(* Let $(X,P,o)$ be a generalized parametric metric space such that $P$ satisfies (P5) and $o$ is continuous. Then $(X,\tau_P)$ is a $T_1$ space: for any distinct $x,y\in X$ there are $U,V\in\tau_P$ with $x\in U$, $y\notin U$, $y\in V$, $x\notin V$.
   Context: A binary operation $o:[0,\infty)\times[0,\infty)\to[0,\infty)$ (written $\alpha\, o\, \beta$) is assumed to satisfy, for all $\alpha,\beta,\gamma\in[0,\infty)$: (a) $\alpha\, o\, 0=\alpha$; (b) $\alpha\le\beta\implies \alpha\, o\,\gamma\le\beta\, o\,\gamma$; (c) $\alpha\, o\,\gamma=\gamma\, o\,\alpha$; (d) $\alpha\, o\,(\beta\, o\,\gamma)=(\alpha\, o\,\beta)\, o\,\gamma$. It is continuous if whenever $\alpha_n\to\alpha$ and $\beta_n\to\beta$ in $[0,\infty)$ we have $\alpha_n\, o\,\beta_n\to\alpha\, o\,\beta$. A generalized parametric metric on a nonempty set $X$ is a function $P:X\times X\times(0,\infty)\to[0,\infty)$ such that: (P1) $P(a,b,t)=0$ for all $t>0$ if and only if $a=b$; (P2) $P(a,b,t)=P(b,a,t)$ for all $a,b\in X$, $t>0$; (P3) $P(a,b,s+t)\le P(a,x,s)\, o\, P(b,x,t)$ for all $s,t>0$ and $a,b,x\in X$. The triple $(X,P,o)$ is a generalized parametric metric space. Condition (P5): for all $a,b\in X$, the map $t\mapsto P(a,b,t)$ is continuous on $(0,\infty)$. Open ball: $B(a,\alpha,t)=\{b\in X: P(a,b,t)<\alpha\}$. $\tau_P$ is the topology consisting of all $A\subseteq X$ such that for every $a\in A$ there exist $\alpha>0,t>0$ with $B(a,\alpha,t)\subseteq A$. *)

From Stdlib Require Import Reals.
Open Scope R_scope.

(* Binary operation o on [0,oo), modeled as a function R -> R -> R whose
   axioms are imposed only on nonnegative arguments. *)
Definition is_gen_op (o : R -> R -> R) : Prop :=
  (forall a, 0 <= a -> o a 0 = a) /\
  (forall a b, 0 <= a -> 0 <= b -> 0 <= o a b) /\
  (forall a b c, 0 <= a -> 0 <= b -> 0 <= c -> a <= b -> o a c <= o b c) /\
  (forall a b, 0 <= a -> 0 <= b -> o a b = o b a) /\
  (forall a b c, 0 <= a -> 0 <= b -> 0 <= c -> o a (o b c) = o (o a b) c).

Definition op_continuous (o : R -> R -> R) : Prop :=
  forall (an bn : nat -> R) (a b : R),
    (forall n, 0 <= an n) -> (forall n, 0 <= bn n) -> 0 <= a -> 0 <= b ->
    Un_cv an a -> Un_cv bn b -> Un_cv (fun n => o (an n) (bn n)) (o a b).

(* Generalized parametric metric; P is defined for all t but the axioms only
   concern t > 0. *)
Definition is_gen_param_metric {X : Type} (P : X -> X -> R -> R) (o : R -> R -> R) : Prop :=
  (forall a b t, 0 < t -> 0 <= P a b t) /\
  (forall a b, (forall t, 0 < t -> P a b t = 0) <-> a = b) /\
  (forall a b t, 0 < t -> P a b t = P b a t) /\
  (forall a b x s t, 0 < s -> 0 < t -> P a b (s + t) <= o (P a x s) (P b x t)).

Definition P5 {X : Type} (P : X -> X -> R -> R) : Prop :=
  forall a b t, 0 < t ->
    forall eps, 0 < eps -> exists delta, 0 < delta /\
      forall s, 0 < s -> Rabs (s - t) < delta -> Rabs (P a b s - P a b t) < eps.

Definition ball {X : Type} (P : X -> X -> R -> R) (a : X) (alpha t : R) : X -> Prop :=
  fun b => P a b t < alpha.

Definition tauP_open {X : Type} (P : X -> X -> R -> R) (A : X -> Prop) : Prop :=
  forall a, A a -> exists alpha t, 0 < alpha /\ 0 < t /\
    forall b, ball P a alpha t b -> A b.

From Stdlib Require Import Reals Lra Classical.
Open Scope R_scope.

(* The key observation is that singletons are closed, i.e. the complement
   X \ {y} of every point is open.  Indeed, if a <> y then by (P1) some
   parameter t > 0 has P(a,y,t) <> 0, hence P(a,y,t) > 0 by nonnegativity,
   and the open ball B(a, P(a,y,t), t) avoids y because y itself lies at
   "distance" exactly P(a,y,t) from a.  Given distinct x, y, the sets
   U = X \ {y} and V = X \ {x} then witness the T1 property. *)

Section PuncturedSetsOpen.

Variables (X : Type) (P : X -> X -> R -> R).

Hypothesis P_nonneg : forall a b t, 0 < t -> 0 <= P a b t.
Hypothesis P_zero_eq : forall a b, (forall t, 0 < t -> P a b t = 0) -> a = b.

Lemma distinct_pos_parameter (a b : X) :
  a <> b -> exists t, 0 < t /\ 0 < P a b t.
Proof.
  intros Hab.
  apply NNPP; intros Hnone; apply Hab, P_zero_eq.
  intros t Ht.
  destruct (Rle_lt_or_eq_dec _ _ (P_nonneg a b t Ht)) as [Hpos | Hzero];
    [exfalso; apply Hnone; exists t; split; assumption | now symmetry].
Qed.

Lemma ball_radius_excludes (a b : X) (t : R) : ~ ball P a (P a b t) t b.
Proof. unfold ball; lra. Qed.

Lemma punctured_open (y : X) : tauP_open P (fun z => z <> y).
Proof.
  intros a Hay.
  destruct (distinct_pos_parameter a y Hay) as [t [Ht Hpos]].
  exists (P a y t), t; repeat split; try assumption.
  intros b Hb ->.
  exact (ball_radius_excludes a y t Hb).
Qed.

End PuncturedSetsOpen.

Theorem mainTheorem9 (X : Type) (P : X -> X -> R -> R) (o : R -> R -> R) :
  is_gen_op o -> is_gen_param_metric P o -> P5 P -> op_continuous o ->
  forall x y : X, x <> y ->
    exists U V : X -> Prop,
      tauP_open P U /\ tauP_open P V /\ U x /\ ~ U y /\ V y /\ ~ V x.
Proof.
  intros _ [P_nonneg [P_zero_iff _]] _ _ x y Hxy.
  assert (P_zero_eq : forall a b, (forall t, 0 < t -> P a b t = 0) -> a = b)
    by (intros a b; apply P_zero_iff).
  exists (fun z => z <> y), (fun z => z <> x).
  split; [exact (punctured_open X P P_nonneg P_zero_eq y) |].
  split; [exact (punctured_open X P P_nonneg P_zero_eq x) |].
  split; [exact Hxy |].
  split; [now intros Hyy |].
  split; [now intros Hyx; apply Hxy | now intros Hxx].
Qed.
Lemma sec2_partial_fractions z : -1 < z < 1 ->
  is_series (fun k => / (INR (2 * k + 1) + z) ^ 2 + / (INR (2 * k + 1) - z) ^ 2)
    (PI ^ 2 / (4 * cos (PI * z / 2) ^ 2)).
Proof.
  intros Hz. set (y := (1 + z) / 2).
  assert (Hy : noninteger y).
  { intros k Hk. assert (0 < IZR k < 1) as [Ha Hb] by (unfold y in Hk; lra).
    apply lt_IZR in Ha. apply lt_IZR in Hb. lia. }
  pose proof (csc2_defect_eq0 y Hy) as HD. unfold csc2_defect, csc2 in HD.
  replace (sin (PI * y)) with (cos (PI * z / 2)) in HD.
  2:{ unfold y. replace (PI * ((1 + z) / 2)) with (PI * z / 2 + PI / 2) by field.
      rewrite sin_plus, sin_PI2, cos_PI2. ring. }
  assert (Hc : 0 < cos (PI * z / 2)) by (pose proof PI_RGT_0; apply cos_gt_0; nra).
  replace (PI ^ 2 / (4 * cos (PI * z / 2) ^ 2)) with ((hurwitz2 y + hurwitz2 (1 - y)) / 4).
  2:{ replace (hurwitz2 y + hurwitz2 (1 - y)) with (PI ^ 2 / cos (PI * z / 2) ^ 2) by lra.
      field. lra. }
  eapply is_series_ext_R; [|exact (is_series_scal_r (/ 4) _ _ (is_series_Rplus _ _ _ _
      (Series_correct _ (ex_series_hurwitz2 y)) (Series_correct _ (ex_series_hurwitz2 (1 - y)))))].
  intros k. unfold y.
  rewrite (inv_sqr_scale (_ + INR k)), (inv_sqr_scale (1 - _ + INR k)), plus_INR, mult_INR.
  simpl INR.
  replace (2 * ((1 + z) / 2 + INR k)) with ((1 + 1) * INR k + 1 + z) by field.
  replace (2 * (1 - (1 + z) / 2 + INR k)) with ((1 + 1) * INR k + 1 - z) by field.
  pose proof (pos_INR k). field. split; apply Rgt_not_eq; lra.
Qed.

Lemma is_series_PSeries (a : nat -> R) x :
  Rbar_lt (Rabs x) (CV_radius a) -> is_series (fun n => a n * x ^ n) (PSeries a x).
Proof. intros Hx. apply is_pseries_R, PSeries_correct, CV_radius_inside, Hx. Qed.

Lemma Rabs_lt_CV_radius (a : nat -> R) M :
  (forall n, Rabs (a n) <= M) -> forall x, Rabs x < 1 -> Rbar_lt (Rabs x) (CV_radius a).
Proof.
  intros HM x Hx.
  assert (H1 : Rbar_le 1 (CV_radius a)).
  { apply (proj1 (CV_radius_bounded a)). exists M. intros n. rewrite pow1, Rmult_1_r. auto. }
  destruct (CV_radius a) as [r| |]; simpl in *; auto; lra.
Qed.

Lemma is_series_geom_sqr q : Rabs q < 1 -> is_series (fun n => INR (n + 1) * q ^ n) (/ (1 - q) ^ 2).
Proof.
  intros Hq.
  assert (Habs : ex_series (fun n => Rabs (q ^ n))).
  { apply (ex_series_ext (fun n => Rabs q ^ n)); [intros n; apply RPow_abs|].
    apply ex_series_geom. rewrite Rabs_Rabsolu. exact Hq. }
  pose proof (is_series_mult _ _ _ _ (is_series_geom q Hq) (is_series_geom q Hq) Habs Habs) as H.
  replace (/ (1 - q) ^ 2) with (/ (1 - q) * / (1 - q))
    by (assert (1 - q <> 0) by (apply Rabs_def2 in Hq; lra); field; auto).
  eapply is_series_ext_R; [|exact H]. intros n. cbv beta.
  rewrite (sum_eq _ (fun _ => q ^ n)), sum_cte, Nat.add_1_r; [ring|].
  intros k Hk. rewrite <- pow_add. f_equal. lia.
Qed.

Lemma INR_odd_ge1 k : 1 <= INR (2 * k + 1).
Proof. rewrite plus_INR, mult_INR. simpl. pose proof (pos_INR k). lra. Qed.

Lemma dlambda_term_bounds s m : (2 <= s)%nat ->
  0 <= / INR (2 * m + 1) ^ s <= / (INR m + 1) ^ 2.
Proof.
  intros Hs. assert (H1 : INR m + 1 <= INR (2 * m + 1)).
  { rewrite plus_INR, mult_INR. simpl. pose proof (pos_INR m). lra. }
  pose proof (pos_INR m).
  split; [apply Rlt_le, Rinv_0_lt_compat, pow_lt; lra|].
  apply Rinv_le_contravar; [apply pow_lt; lra|].
  apply Rle_trans with (INR (2 * m + 1) ^ 2); [apply pow_incr; lra|].
  apply Rle_pow; auto; lra.
Qed.
(* Let $A\in\mathscr{C}^-$, $B\in\mathscr{C}$ and $f\in\mathscr{C}(A,B)$. Choose a distinguished triangle $S_A[-1]\overset{s_A}{\to}A\overset{w_A}{\to}W_A\to S_A$ with $S_A\in\mathcal{S}$, $W_A\in\mathcal{W}$, and then a distinguished triangle $S_A[-1]\overset{f\circ s_A}{\to}B\overset{m_f}{\to}M_f\to S_A$. Then: (1) $\underline{m}_f\circ\underline{f}=0$ in $\underline{\mathscr{C}}$; (2) for every $Y\in\mathscr{C}^+$, composition with $\underline{m}_f$ gives a bijection \[ -\circ\underline{m}_f\colon\underline{\mathscr{C}}(M_f,Y)\to\{\beta\in\underline{\mathscr{C}}(B,Y)\mid\beta\circ\underline{f}=0\}; \] (3) if $B\in\mathscr{C}^-$, then $M_f\in\mathscr{C}^-$.
   Context: $\mathscr{C}$ is a triangulated category with shift $[1]$; subcategories are full, additive, closed under isomorphisms and direct summands. $\mathrm{Ext}^1(X,Y)=\mathscr{C}(X,Y[1])$. $\mathcal{M}\ast\mathcal{N}$ is the full subcategory of objects $C$ admitting a distinguished triangle $M\to C\to N\to M[1]$ with $M\in\mathcal{M}$, $N\in\mathcal{N}$. A cotorsion pair $(\mathcal{U},\mathcal{V})$: $\mathrm{Ext}^1(\mathcal{U},\mathcal{V})=0$ and $\mathscr{C}=\mathcal{U}\ast\mathcal{V}[1]$. Fix a twin cotorsion pair, i.e. cotorsion pairs $(\mathcal{S},\mathcal{T}),(\mathcal{U},\mathcal{V})$ with $\mathrm{Ext}^1(\mathcal{S},\mathcal{V})=0$. Put $\mathcal{W}=\mathcal{T}\cap\mathcal{U}$, $\mathscr{C}^-=\mathcal{S}[-1]\ast\mathcal{W}$, $\mathscr{C}^+=\mathcal{W}\ast\mathcal{V}[1]$. $\underline{\mathscr{C}}$ is the ideal quotient of $\mathscr{C}$ by morphisms factoring through objects of $\mathcal{W}$, and $\underline{f}$ denotes the image of $f$. *)

From mathcomp Require Import all_boot all_algebra.
Set Implicit Arguments. Unset Strict Implicit. Unset Printing Implicit Defensive.
Import GRing.Theory.
Local Open Scope ring_scope.

Record TriData := {
  Obj :> Type;
  Mor : Obj -> Obj -> zmodType;
  cmp : forall X Y Z : Obj, Mor Y Z -> Mor X Y -> Mor X Z;
  idm : forall X : Obj, Mor X X;
  sh : Obj -> Obj;
  shm : forall X Y : Obj, Mor X Y -> Mor (sh X) (sh Y);
  dist : forall X Y Z : Obj, Mor X Y -> Mor Y Z -> Mor Z (sh X) -> Prop }.

Arguments Mor {_}.
Arguments cmp {_ _ _ _}.
Arguments idm {_}.
Arguments sh {_}.
Arguments shm {_ _ _}.
Arguments dist {_ _ _ _}.

Section Tri.
Context {C : TriData}.

Definition is_iso (X Y : C) (f : Mor X Y) : Prop :=
  exists g : Mor Y X, cmp g f = idm X /\ cmp f g = idm Y.

Definition iso (X Y : C) : Prop := exists f : Mor X Y, is_iso f.

Definition is_zero (Z : C) : Prop :=
  (forall X (f g : Mor Z X), f = g) /\ (forall X (f g : Mor X Z), f = g).

Definition biprod (Y Z P : C) (i1 : Mor Y P) (i2 : Mor Z P)
    (p1 : Mor P Y) (p2 : Mor P Z) : Prop :=
  [/\ cmp p1 i1 = idm Y, cmp p2 i2 = idm Z, cmp p2 i1 = 0, cmp p1 i2 = 0
    & cmp i1 p1 + cmp i2 p2 = idm P].

Definition tri_iso (X Y Z X' Y' Z' : C)
    (f : Mor X Y) (g : Mor Y Z) (h : Mor Z (sh X))
    (f' : Mor X' Y') (g' : Mor Y' Z') (h' : Mor Z' (sh X')) : Prop :=
  exists (a : Mor X X') (b : Mor Y Y') (c : Mor Z Z'),
    [/\ is_iso a, is_iso b & is_iso c] /\
    [/\ cmp b f = cmp f' a, cmp c g = cmp g' b
      & cmp (shm a) h = cmp h' c].
(* For $n=0,1,2,\ldots$ let $R_n=\sum_{k=0}^n\binom{n}{k}\binom{n+k}{k}\frac{1}{2k-1}$. The sequence $\{R_n\}_{n=4}^\infty$ is strictly log-convex; equivalently, the sequence $\{R_{n+1}/R_n\}_{n=3}^\infty$ is strictly increasing.
   Context: A sequence $\{z_n\}$ of positive numbers is strictly log-convex if $z_{n-1}z_{n+1}>z_n^2$ for all indices $n$ for which $z_{n-1},z_n,z_{n+1}$ belong to the sequence. *)

From mathcomp Require Import all_boot all_order all_algebra.
Set Implicit Arguments. Unset Strict Implicit. Unset Printing Implicit Defensive.
Import Order.TTheory GRing.Theory Num.Theory.
Local Open Scope ring_scope.

Definition Rseq (n : nat) : rat :=
  \sum_(0 <= k < n.+1) ('C(n, k) * 'C(n + k, k))%:R / ((2 * k)%:R - 1).

Definition strictly_log_convex_from (m : nat) (z : nat -> rat) : Prop :=
  (forall n, (m <= n)%N -> 0 < z n) /\
  (forall n, (m < n)%N -> z n ^+ 2 < z n.-1 * z n.+1).

From mathcomp Require Import all_boot all_order all_algebra.
From mathcomp Require Import ring lra zify.
Set Implicit Arguments.
Unset Strict Implicit.
Unset Printing Implicit Defensive.
Import Order.TTheory GRing.Theory Num.Theory.
Local Open Scope ring_scope.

====================

## WHAT IS EXPECTED:
Give only the count of lines in the listing that contain the string "Section".

## ANSWER BELOW:
2